# Extracted data
Lemma risk_route :
  risk P (route_est yh delta phid y mu theta eps) theta y =
  ((ph / (Mdel yh delta)%:R) ^+ 2
     * (\sum_(s in Sdel delta) \sum_(t in Sdel delta)
          (Ndel2 yh delta s t)%:R * sigma s t)
   + (ph * (ybar yh delta - #|y|%:R) * mu) ^+ 2
   + \sum_(s in Sdel delta :\: y)
       (ph * (Ndel1 yh delta s)%:R / (Mdel yh delta)%:R) ^+ 2 * tau ^+ 2
   + \sum_(s in y)
       (1 - ph * (Ndel1 yh delta s)%:R / (Mdel yh delta)%:R) ^+ 2 * tau ^+ 2)%:E.
Proof.
rewrite /risk; have -> : (fun w => ((route_est yh delta phid y mu theta eps w
    - \sum_(s in y) theta s w) ^+ 2)%R) = fun w => ((c0 + lin_comb yh theta eps a b w) ^+ 2)%R.
  by apply/funext => w; rewrite route_error_decomp.
rewrite (expectation_sqr_affine model) route_mean_error route_theta_coef_sqr route_sigma_term.
by rewrite -!mulr_suml /k; congr (_%:E); ring.
Qed.

End RouteRisk.

Theorem proposition2p3
  (d : measure_display) (Omega : measurableType d) (R : realType)
  (P : probability Omega R)
  (S : finType) (N : nat) (yh : 'I_N -> {set S})
  (theta : S -> Omega -> R) (eps : 'I_N -> S -> Omega -> R)
  (mu tau : R) (sigma : S -> S -> R) (y : {set S}) :
  (forall n, yh n != finset.set0) ->
  moment_model P yh theta eps mu tau sigma ->
  (* (1) generalized segment-based estimator *)
  (forall (Sy : {set {set S}}) (phi : {set S} -> nat -> R),
     finset.partition Sy y ->
     (forall A, A \in Sy -> phi A 0%N = 0) ->
     risk P (gseg_est yh Sy phi mu theta eps) theta y =
     (\sum_(A in Sy) \sum_(B in Sy)
        ((NS yh (A :|: B))%:R / ((NS yh A)%:R * (NS yh B)%:R)
         * phi A (NS yh A) * phi B (NS yh B)
         * (\sum_(s in A) \sum_(t in B) sigma s t))
      + \sum_(A in Sy) (1 - phi A (NS yh A)) ^+ 2 * #|A|%:R * tau ^+ 2)%:E)
  /\
  (* (2) route-based estimator *)
  (forall (delta : {set {set S}}) (phid : nat -> R),
     (forall y', y' \in delta -> exists n, yh n = y') ->
     phid 0%N = 0 ->
     let ph := phid (Mdel yh delta) in
     let M := (Mdel yh delta)%:R in
     risk P (route_est yh delta phid y mu theta eps) theta y =
     ((ph / M) ^+ 2
        * (\sum_(s in Sdel delta) \sum_(t in Sdel delta)
             (Ndel2 yh delta s t)%:R * sigma s t)
      + (ph * (ybar yh delta - #|y|%:R) * mu) ^+ 2
      + \sum_(s in Sdel delta :\: y) (ph * (Ndel1 yh delta s)%:R / M) ^+ 2 * tau ^+ 2
      + \sum_(s in y) (1 - ph * (Ndel1 yh delta s)%:R / M) ^+ 2 * tau ^+ 2)%:E).
Proof.
move=> _ model; split=> [Sy phi Sy_partition phi0 | delta phid _ _].
  exact: risk_gseg.
exact: risk_route.
Qed.
Lemma induced_P3_scalar_point_module u v w :
  G u v -> G v w -> u != w -> ~~ G u w ->
  scalar_point_module G (fun e => (e == epair v w)%:R : k) (fun e => (e == epair u v)%:R).
Proof.
move=> Guv Gvw uw nGuw.
have uv := adj_neq iG Guv; have vw := adj_neq iG Gvw; have wu : w != u by rewrite eq_sym.
have [l0 [rel0 uniq0]] := triangle_relation k uv vw wu.
split; [move=> t [supp [c tc]] | exists (epair v w) | exists (epair u v)];
  rewrite ?edgeb_epair ?eqxx ?oner_eq0 //.
have t_words W : tri_words u v w W -> t W = c l0 * FKrel k l0 W.
  move=> W_tri; rewrite tc (bigD1 l0) //= big1 ?addr0 // => l ne.
  by rewrite uniq0 ?mulr0.
have tW' : t (tri_word v w u) = 0.
  apply/eqP; apply: contraNT nGuw => /supp /andP[_].
  by rewrite /= edgeb_epair // sG.
have FKW' : FKrel k l0 (tri_word v w u) != 0.
  by case: rel0 => ->; apply: tri_rel_words_neq0; rewrite // /tri_words eqxx ?orbT.
have c0 : c l0 = 0.
  move/eqP: tW'; rewrite t_words; last by rewrite /tri_words eqxx orbT.
  by rewrite mulf_eq0 (negbTE FKW') orbF => /eqP.
rewrite eval2_indicator -[(_, _)]/(tri_word u v w) t_words ?c0 ?mul0r //.
by rewrite /tri_words eqxx.
Qed.

Lemma no_scalar_point_module (a0 a1 : pr n -> k) :
  no_induced_P3 G -> ~ scalar_point_module G a0 a1.
Proof.
move=> P3 [ann [f Ef a0f] [e Ee a1e]].
have a0e : a0 e = 0.
  by have /eqP := ann_square ann Ee; rewrite mulf_eq0 (negbTE a1e) orbF => /eqP.
have a1f : a1 f = 0.
  by have /eqP := ann_square ann Ef; rewrite mulf_eq0 (negbTE a0f) => /eqP.
suff : a0 f * a1 e = 0 by apply/eqP; rewrite mulf_neq0.
have [<-|ef] := eqVneq e f; first by rewrite a0e mul0r.
have [/andP[lt_e _] /andP[lt_f _]] := (Ee, Ef).
case: (incr_pair_cases lt_e lt_f ef) => [disj|[p [q [r [rp e_pq f_qr]]]]].
  by rewrite (ann_commute ann Ee Ef disj) a0e mul0r.
move: Ee Ef a0e a1f; rewrite e_pq f_qr !edgeb_epair // => Gpq Gqr a0e a1f.
apply: (ann_triangle sG iG ann Gpq Gqr); first by rewrite sG (P3 _ _ _ Gpq Gqr) // eq_sym.
  by rewrite /word_value /= a1f mulr0.
by rewrite /word_value /= a0e mul0r.
Qed.

End PointModulesOfGraphs.

Theorem corollary3p1 (k : closedFieldType) (n : nat) (G : rel 'I_n) :
  symmetric G -> irreflexive G ->
  (~ P2_nonempty k G <-> disjoint_union_of_complete G).
Proof.
move=> sG iG; split=> [noP2 | /(disjoint_union_of_completeP sG iG) P3 /P2_nonemptyP[a0 [a1]]].
  apply/(disjoint_union_of_completeP sG iG) => u v w Guv Gvw uw.
  apply/negPn/negP => nGuw; apply: noP2; apply/P2_nonemptyP.
  by do 2 eexists; apply: (induced_P3_scalar_point_module k sG iG Guv Gvw uw nGuw).
exact: (no_scalar_point_module sG iG P3).
Qed.
Lemma shift_deriv_lt_1 t : 0 <= t -> t < rw -> shift_deriv h t < 1.
Proof.
  intros Ht Htr. apply Rnot_le_lt. intros Hge.
  destruct (Req_dec t 0) as [->|Ht0]; [rewrite shift_deriv_0 in Hge; lra|].
  destruct (Req_dec (shift_deriv h t) 1) as [HF|HF]; [exact (no_root t ltac:(lra) HF)|].
  destruct (IVT_open (shift_deriv h) 0 t 1) as [z [Hz HFz]]; try lra.
  - intros x Hx. apply shift_deriv_continuous; [lra|]. apply inside_radius_h; lra.
  - rewrite shift_deriv_0; lra.
  - exact (no_root z ltac:(lra) HFz).
Qed.

Lemma psi_lt_1 t : 0 <= t -> t < rw -> psi w t < 1.
Proof.
  intros Ht Htr. pose proof (psi_minus_one t Ht Htr). pose proof (PSeries_lt_1 t Ht Htr).
  pose proof (shift_deriv_lt_1 t Ht Htr).
  enough ((shift_deriv h t - 1) / (1 - PSeries h t) < 0) by lra.
  apply Rdiv_neg_pos; lra.
Qed.

Lemma mu_lt_1 t : 0 <= t -> t < rw -> mu (shift_coef h) t < 1.
Proof.
  intros Ht Htr. rewrite mu_eq by (auto; apply inside_rp; lra). now apply shift_deriv_lt_1.
Qed.

Lemma CV_radius_h_no_root : CV_radius h = Finite rw.
Proof.
  destruct (Rbar_lt_dec rw (CV_radius h)) as [Hlt|Hge].
  - destruct (root_of_radius_lt Hlt) as [z [Hz HFz]]. exfalso. exact (no_root z Hz HFz).
  - apply Rbar_not_lt_le in Hge. apply Rbar_le_antisym; auto.
    rewrite <- rw_def. now apply CV_radius_inv_one_minus_le.
Qed.

Lemma rp_no_root : rp = Fin rw.
Proof. unfold rp. now rewrite CV_radius_h_no_root. Qed.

# Directions
For every line of the records above that holds the word "ybar", count one, and state the total only.

# Written response
2